▶ **Problem to solve**
Among the entries below, one stretch runs from the line that contains "Fixpoint has2 (Q" through the line that contains "- by exists 0, j.+1.". Repeat that stretch exactly, ends included, and only that.

[Saved data entries]
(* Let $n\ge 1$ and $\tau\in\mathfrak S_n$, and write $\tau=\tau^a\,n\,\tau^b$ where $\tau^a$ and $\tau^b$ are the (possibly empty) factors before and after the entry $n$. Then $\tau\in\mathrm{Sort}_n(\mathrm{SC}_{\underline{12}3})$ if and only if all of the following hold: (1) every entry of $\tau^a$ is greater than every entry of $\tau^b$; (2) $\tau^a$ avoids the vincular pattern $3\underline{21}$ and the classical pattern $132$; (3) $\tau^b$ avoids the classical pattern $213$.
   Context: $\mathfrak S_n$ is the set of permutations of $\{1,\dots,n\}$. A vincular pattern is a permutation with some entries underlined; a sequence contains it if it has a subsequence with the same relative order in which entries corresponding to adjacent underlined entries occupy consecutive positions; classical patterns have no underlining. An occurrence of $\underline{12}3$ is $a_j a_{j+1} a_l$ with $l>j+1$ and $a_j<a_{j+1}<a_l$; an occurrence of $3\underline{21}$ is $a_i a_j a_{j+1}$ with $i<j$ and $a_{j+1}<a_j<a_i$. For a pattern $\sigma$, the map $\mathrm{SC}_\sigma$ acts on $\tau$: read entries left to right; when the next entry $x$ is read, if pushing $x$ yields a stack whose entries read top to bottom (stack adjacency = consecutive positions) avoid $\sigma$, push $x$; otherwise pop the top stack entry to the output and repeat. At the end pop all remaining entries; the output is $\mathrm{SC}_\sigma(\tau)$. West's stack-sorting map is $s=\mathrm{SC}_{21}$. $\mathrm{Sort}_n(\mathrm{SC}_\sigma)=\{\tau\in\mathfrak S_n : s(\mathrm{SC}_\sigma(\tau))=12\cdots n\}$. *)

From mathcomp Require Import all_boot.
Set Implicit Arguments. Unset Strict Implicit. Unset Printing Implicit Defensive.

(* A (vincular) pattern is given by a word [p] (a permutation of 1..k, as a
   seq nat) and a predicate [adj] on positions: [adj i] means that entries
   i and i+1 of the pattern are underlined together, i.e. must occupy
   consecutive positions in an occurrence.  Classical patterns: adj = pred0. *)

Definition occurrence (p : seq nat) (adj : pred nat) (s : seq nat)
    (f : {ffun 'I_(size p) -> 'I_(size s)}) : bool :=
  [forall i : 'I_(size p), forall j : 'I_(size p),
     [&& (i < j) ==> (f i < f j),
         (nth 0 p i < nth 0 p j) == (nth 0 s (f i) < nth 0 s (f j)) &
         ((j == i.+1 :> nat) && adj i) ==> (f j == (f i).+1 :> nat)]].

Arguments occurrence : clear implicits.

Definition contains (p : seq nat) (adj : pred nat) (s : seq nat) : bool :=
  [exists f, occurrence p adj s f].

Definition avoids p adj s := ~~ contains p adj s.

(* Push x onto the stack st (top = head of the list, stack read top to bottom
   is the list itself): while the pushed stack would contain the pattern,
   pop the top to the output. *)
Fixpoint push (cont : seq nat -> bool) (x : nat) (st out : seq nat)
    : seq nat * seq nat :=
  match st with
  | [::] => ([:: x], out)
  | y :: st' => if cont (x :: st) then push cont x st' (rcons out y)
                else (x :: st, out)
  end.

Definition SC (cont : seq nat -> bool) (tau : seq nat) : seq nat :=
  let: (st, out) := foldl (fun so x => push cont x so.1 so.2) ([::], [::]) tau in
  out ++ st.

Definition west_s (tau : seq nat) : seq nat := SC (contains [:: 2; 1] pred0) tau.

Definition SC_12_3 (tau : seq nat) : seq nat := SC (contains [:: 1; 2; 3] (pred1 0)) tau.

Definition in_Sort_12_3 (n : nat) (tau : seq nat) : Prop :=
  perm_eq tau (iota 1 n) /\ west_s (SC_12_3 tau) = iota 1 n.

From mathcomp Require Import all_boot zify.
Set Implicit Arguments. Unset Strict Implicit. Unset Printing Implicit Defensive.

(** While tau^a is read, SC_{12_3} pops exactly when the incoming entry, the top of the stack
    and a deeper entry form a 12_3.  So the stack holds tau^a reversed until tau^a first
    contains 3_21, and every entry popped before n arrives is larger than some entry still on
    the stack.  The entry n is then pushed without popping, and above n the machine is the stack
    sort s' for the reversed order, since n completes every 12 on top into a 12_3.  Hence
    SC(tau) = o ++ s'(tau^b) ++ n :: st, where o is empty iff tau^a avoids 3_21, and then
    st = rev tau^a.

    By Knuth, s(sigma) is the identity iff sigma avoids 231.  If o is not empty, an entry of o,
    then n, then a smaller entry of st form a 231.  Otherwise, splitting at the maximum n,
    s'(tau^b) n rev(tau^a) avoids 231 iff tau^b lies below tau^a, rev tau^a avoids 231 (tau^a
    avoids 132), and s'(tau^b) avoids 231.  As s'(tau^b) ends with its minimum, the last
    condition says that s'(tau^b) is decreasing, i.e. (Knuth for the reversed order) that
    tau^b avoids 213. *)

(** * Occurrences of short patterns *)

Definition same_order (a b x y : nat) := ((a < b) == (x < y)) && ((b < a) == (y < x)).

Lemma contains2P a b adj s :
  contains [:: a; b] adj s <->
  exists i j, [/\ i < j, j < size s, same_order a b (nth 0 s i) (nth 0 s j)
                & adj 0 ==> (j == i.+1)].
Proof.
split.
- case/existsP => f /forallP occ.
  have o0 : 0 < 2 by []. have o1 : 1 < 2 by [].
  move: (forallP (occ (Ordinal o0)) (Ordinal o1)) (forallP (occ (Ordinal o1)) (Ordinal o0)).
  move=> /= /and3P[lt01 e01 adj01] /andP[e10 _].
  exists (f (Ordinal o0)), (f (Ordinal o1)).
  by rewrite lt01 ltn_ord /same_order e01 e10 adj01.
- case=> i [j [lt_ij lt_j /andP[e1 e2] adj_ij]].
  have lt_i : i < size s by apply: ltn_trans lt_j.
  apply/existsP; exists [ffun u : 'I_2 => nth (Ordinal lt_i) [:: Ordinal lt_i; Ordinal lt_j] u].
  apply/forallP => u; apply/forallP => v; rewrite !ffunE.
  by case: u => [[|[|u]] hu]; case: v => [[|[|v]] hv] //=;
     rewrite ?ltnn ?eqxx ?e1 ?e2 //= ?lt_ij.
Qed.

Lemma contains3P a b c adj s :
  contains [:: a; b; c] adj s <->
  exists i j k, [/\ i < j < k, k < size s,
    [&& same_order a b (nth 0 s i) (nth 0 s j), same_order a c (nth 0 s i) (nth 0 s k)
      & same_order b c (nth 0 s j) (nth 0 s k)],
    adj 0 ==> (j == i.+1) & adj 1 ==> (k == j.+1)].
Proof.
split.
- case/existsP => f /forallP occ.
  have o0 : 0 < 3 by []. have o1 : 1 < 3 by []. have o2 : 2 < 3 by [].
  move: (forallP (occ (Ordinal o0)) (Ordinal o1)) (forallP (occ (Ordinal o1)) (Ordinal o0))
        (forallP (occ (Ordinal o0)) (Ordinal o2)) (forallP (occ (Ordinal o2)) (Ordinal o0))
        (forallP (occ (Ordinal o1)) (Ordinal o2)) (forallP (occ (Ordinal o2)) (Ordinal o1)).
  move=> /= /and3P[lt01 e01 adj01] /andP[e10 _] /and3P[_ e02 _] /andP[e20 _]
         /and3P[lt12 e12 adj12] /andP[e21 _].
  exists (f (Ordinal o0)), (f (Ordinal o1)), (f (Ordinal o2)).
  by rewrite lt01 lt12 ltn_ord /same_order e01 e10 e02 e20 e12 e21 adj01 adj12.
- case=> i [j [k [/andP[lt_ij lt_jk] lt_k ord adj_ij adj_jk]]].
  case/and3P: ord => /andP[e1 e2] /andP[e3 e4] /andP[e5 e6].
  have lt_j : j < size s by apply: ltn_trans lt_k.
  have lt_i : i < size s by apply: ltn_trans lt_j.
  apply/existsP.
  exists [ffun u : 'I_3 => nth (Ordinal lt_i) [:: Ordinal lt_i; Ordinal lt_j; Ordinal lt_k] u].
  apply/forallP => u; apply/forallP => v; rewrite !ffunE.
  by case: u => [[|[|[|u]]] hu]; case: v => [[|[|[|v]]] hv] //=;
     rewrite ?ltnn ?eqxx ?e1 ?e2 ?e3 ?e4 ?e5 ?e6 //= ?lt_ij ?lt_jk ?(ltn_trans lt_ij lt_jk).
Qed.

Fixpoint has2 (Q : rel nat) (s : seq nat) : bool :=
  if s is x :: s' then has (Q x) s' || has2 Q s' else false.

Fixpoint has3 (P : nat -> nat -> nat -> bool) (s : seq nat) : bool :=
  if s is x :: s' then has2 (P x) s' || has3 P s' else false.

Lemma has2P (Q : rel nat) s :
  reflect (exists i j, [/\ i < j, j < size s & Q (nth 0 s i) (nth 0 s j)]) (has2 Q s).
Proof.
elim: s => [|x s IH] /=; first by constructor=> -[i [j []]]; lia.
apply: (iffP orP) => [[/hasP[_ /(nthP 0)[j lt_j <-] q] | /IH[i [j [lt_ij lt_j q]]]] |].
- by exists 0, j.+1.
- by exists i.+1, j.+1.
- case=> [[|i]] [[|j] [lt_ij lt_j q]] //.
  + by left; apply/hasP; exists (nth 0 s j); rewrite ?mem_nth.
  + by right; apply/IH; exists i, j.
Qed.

▶ **Response box**
Fixpoint has2 (Q : rel nat) (s : seq nat) : bool :=
  if s is x :: s' then has (Q x) s' || has2 Q s' else false.

Fixpoint has3 (P : nat -> nat -> nat -> bool) (s : seq nat) : bool :=
  if s is x :: s' then has2 (P x) s' || has3 P s' else false.

Lemma has2P (Q : rel nat) s :
  reflect (exists i j, [/\ i < j, j < size s & Q (nth 0 s i) (nth 0 s j)]) (has2 Q s).
Proof.
elim: s => [|x s IH] /=; first by constructor=> -[i [j []]]; lia.
apply: (iffP orP) => [[/hasP[_ /(nthP 0)[j lt_j <-] q] | /IH[i [j [lt_ij lt_j q]]]] |].
- by exists 0, j.+1.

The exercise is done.